▸ **Exercise materials**
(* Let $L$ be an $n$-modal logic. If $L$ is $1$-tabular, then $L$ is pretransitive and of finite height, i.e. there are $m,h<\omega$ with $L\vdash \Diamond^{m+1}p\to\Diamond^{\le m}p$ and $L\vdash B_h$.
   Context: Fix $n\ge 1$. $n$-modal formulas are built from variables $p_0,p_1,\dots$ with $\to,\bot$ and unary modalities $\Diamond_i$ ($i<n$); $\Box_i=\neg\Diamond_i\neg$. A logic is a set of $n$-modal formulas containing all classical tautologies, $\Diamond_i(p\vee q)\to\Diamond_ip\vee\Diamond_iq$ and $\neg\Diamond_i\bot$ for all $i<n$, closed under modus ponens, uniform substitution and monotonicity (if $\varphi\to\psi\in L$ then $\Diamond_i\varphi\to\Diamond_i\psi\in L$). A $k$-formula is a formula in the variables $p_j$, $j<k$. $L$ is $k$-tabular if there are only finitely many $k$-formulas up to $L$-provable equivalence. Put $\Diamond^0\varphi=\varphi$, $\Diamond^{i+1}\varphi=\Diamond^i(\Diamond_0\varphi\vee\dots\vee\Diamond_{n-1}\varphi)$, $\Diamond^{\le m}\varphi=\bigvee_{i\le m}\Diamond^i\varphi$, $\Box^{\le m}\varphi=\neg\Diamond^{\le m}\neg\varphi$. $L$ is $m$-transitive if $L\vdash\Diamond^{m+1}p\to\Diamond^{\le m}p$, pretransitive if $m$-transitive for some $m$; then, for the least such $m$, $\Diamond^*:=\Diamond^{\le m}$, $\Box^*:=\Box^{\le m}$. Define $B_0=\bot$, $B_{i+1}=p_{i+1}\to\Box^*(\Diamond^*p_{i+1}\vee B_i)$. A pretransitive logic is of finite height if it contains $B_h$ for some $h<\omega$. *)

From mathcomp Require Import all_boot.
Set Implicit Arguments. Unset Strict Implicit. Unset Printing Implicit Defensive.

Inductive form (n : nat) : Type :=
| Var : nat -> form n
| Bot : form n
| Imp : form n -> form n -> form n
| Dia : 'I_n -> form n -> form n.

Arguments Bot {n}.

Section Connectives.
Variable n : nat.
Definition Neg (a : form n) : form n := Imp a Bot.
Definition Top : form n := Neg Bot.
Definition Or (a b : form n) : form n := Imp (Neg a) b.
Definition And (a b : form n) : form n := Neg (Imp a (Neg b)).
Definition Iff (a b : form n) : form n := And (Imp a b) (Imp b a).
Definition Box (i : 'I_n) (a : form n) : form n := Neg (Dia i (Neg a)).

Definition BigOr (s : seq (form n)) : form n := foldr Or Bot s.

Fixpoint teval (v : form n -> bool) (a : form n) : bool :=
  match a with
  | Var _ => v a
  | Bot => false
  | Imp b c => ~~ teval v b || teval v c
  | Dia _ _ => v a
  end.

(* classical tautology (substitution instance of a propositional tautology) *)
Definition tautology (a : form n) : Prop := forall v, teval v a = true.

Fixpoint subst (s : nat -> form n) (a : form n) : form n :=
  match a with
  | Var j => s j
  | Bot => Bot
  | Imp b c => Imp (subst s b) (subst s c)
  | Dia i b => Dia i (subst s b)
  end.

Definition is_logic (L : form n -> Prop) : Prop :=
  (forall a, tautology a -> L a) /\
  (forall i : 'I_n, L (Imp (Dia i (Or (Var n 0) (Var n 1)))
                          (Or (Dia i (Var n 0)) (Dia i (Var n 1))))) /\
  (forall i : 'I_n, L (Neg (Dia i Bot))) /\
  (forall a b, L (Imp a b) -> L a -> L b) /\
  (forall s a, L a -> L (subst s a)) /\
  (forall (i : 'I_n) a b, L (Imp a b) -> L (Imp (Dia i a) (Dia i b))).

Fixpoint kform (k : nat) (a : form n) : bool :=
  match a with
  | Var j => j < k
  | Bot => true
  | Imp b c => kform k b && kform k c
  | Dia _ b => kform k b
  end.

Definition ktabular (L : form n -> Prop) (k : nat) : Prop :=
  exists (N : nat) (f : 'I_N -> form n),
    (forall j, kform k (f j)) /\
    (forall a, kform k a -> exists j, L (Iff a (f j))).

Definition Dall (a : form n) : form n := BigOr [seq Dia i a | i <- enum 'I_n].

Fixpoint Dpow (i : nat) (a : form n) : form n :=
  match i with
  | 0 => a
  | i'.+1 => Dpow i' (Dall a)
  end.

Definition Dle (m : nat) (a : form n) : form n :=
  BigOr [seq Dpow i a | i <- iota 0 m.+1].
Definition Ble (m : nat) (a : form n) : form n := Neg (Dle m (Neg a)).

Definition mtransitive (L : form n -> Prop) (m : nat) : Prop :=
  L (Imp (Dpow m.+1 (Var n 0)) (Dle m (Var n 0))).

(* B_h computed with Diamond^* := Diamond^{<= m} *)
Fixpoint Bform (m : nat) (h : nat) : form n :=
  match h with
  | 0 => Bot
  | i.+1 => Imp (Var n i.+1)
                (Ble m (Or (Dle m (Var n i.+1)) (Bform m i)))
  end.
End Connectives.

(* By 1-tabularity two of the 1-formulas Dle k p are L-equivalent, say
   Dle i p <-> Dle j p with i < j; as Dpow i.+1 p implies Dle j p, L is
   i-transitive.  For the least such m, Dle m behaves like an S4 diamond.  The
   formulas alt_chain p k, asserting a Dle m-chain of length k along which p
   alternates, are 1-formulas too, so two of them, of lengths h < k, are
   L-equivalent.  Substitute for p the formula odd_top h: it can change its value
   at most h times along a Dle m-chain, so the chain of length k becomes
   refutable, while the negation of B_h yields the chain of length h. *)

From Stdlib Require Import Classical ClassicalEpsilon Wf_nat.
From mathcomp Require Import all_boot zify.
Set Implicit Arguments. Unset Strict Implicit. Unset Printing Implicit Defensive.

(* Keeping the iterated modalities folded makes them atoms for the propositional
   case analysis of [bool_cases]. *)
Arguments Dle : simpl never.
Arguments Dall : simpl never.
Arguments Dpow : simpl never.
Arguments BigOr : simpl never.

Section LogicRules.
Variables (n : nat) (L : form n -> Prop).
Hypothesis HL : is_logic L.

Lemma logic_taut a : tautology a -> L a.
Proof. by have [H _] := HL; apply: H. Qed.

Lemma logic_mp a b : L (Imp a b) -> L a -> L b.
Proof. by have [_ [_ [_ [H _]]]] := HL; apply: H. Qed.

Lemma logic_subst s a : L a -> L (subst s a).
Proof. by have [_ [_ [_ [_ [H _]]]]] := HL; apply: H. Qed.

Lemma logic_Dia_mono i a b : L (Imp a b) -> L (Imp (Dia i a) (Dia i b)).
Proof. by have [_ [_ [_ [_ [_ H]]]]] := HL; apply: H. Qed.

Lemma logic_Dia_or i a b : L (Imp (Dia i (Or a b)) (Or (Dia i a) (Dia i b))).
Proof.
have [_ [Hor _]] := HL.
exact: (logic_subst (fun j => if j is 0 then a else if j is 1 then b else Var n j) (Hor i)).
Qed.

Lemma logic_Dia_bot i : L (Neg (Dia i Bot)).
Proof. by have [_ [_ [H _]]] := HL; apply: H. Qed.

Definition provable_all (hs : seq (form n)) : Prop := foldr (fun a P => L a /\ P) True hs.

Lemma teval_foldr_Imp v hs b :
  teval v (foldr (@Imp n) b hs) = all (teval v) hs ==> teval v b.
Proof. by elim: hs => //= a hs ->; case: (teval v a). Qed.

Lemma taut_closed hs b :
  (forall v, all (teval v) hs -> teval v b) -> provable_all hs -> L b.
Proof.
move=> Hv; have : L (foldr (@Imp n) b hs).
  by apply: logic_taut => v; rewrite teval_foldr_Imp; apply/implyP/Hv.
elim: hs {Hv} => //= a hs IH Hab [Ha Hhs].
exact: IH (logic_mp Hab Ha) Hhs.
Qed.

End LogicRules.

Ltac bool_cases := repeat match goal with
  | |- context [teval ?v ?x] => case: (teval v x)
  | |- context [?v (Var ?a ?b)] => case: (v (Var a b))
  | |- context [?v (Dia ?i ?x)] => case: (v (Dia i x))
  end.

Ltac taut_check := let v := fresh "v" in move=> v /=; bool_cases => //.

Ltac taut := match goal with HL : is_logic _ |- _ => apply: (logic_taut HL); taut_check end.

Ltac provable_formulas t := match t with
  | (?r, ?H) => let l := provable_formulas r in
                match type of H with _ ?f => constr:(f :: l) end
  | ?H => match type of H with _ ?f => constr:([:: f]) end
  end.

▸ **Task**
From the listing above, output exactly the run of lines that starts with the line containing "(forall i : 'I_n, L (Neg (Dia i Bot))) /\" and ends with the line containing "Fixpoint kform (k".

▸ **Task answer**
  (forall i : 'I_n, L (Neg (Dia i Bot))) /\
  (forall a b, L (Imp a b) -> L a -> L b) /\
  (forall s a, L a -> L (subst s a)) /\
  (forall (i : 'I_n) a b, L (Imp a b) -> L (Imp (Dia i a) (Dia i b))).

Fixpoint kform (k : nat) (a : form n) : bool :=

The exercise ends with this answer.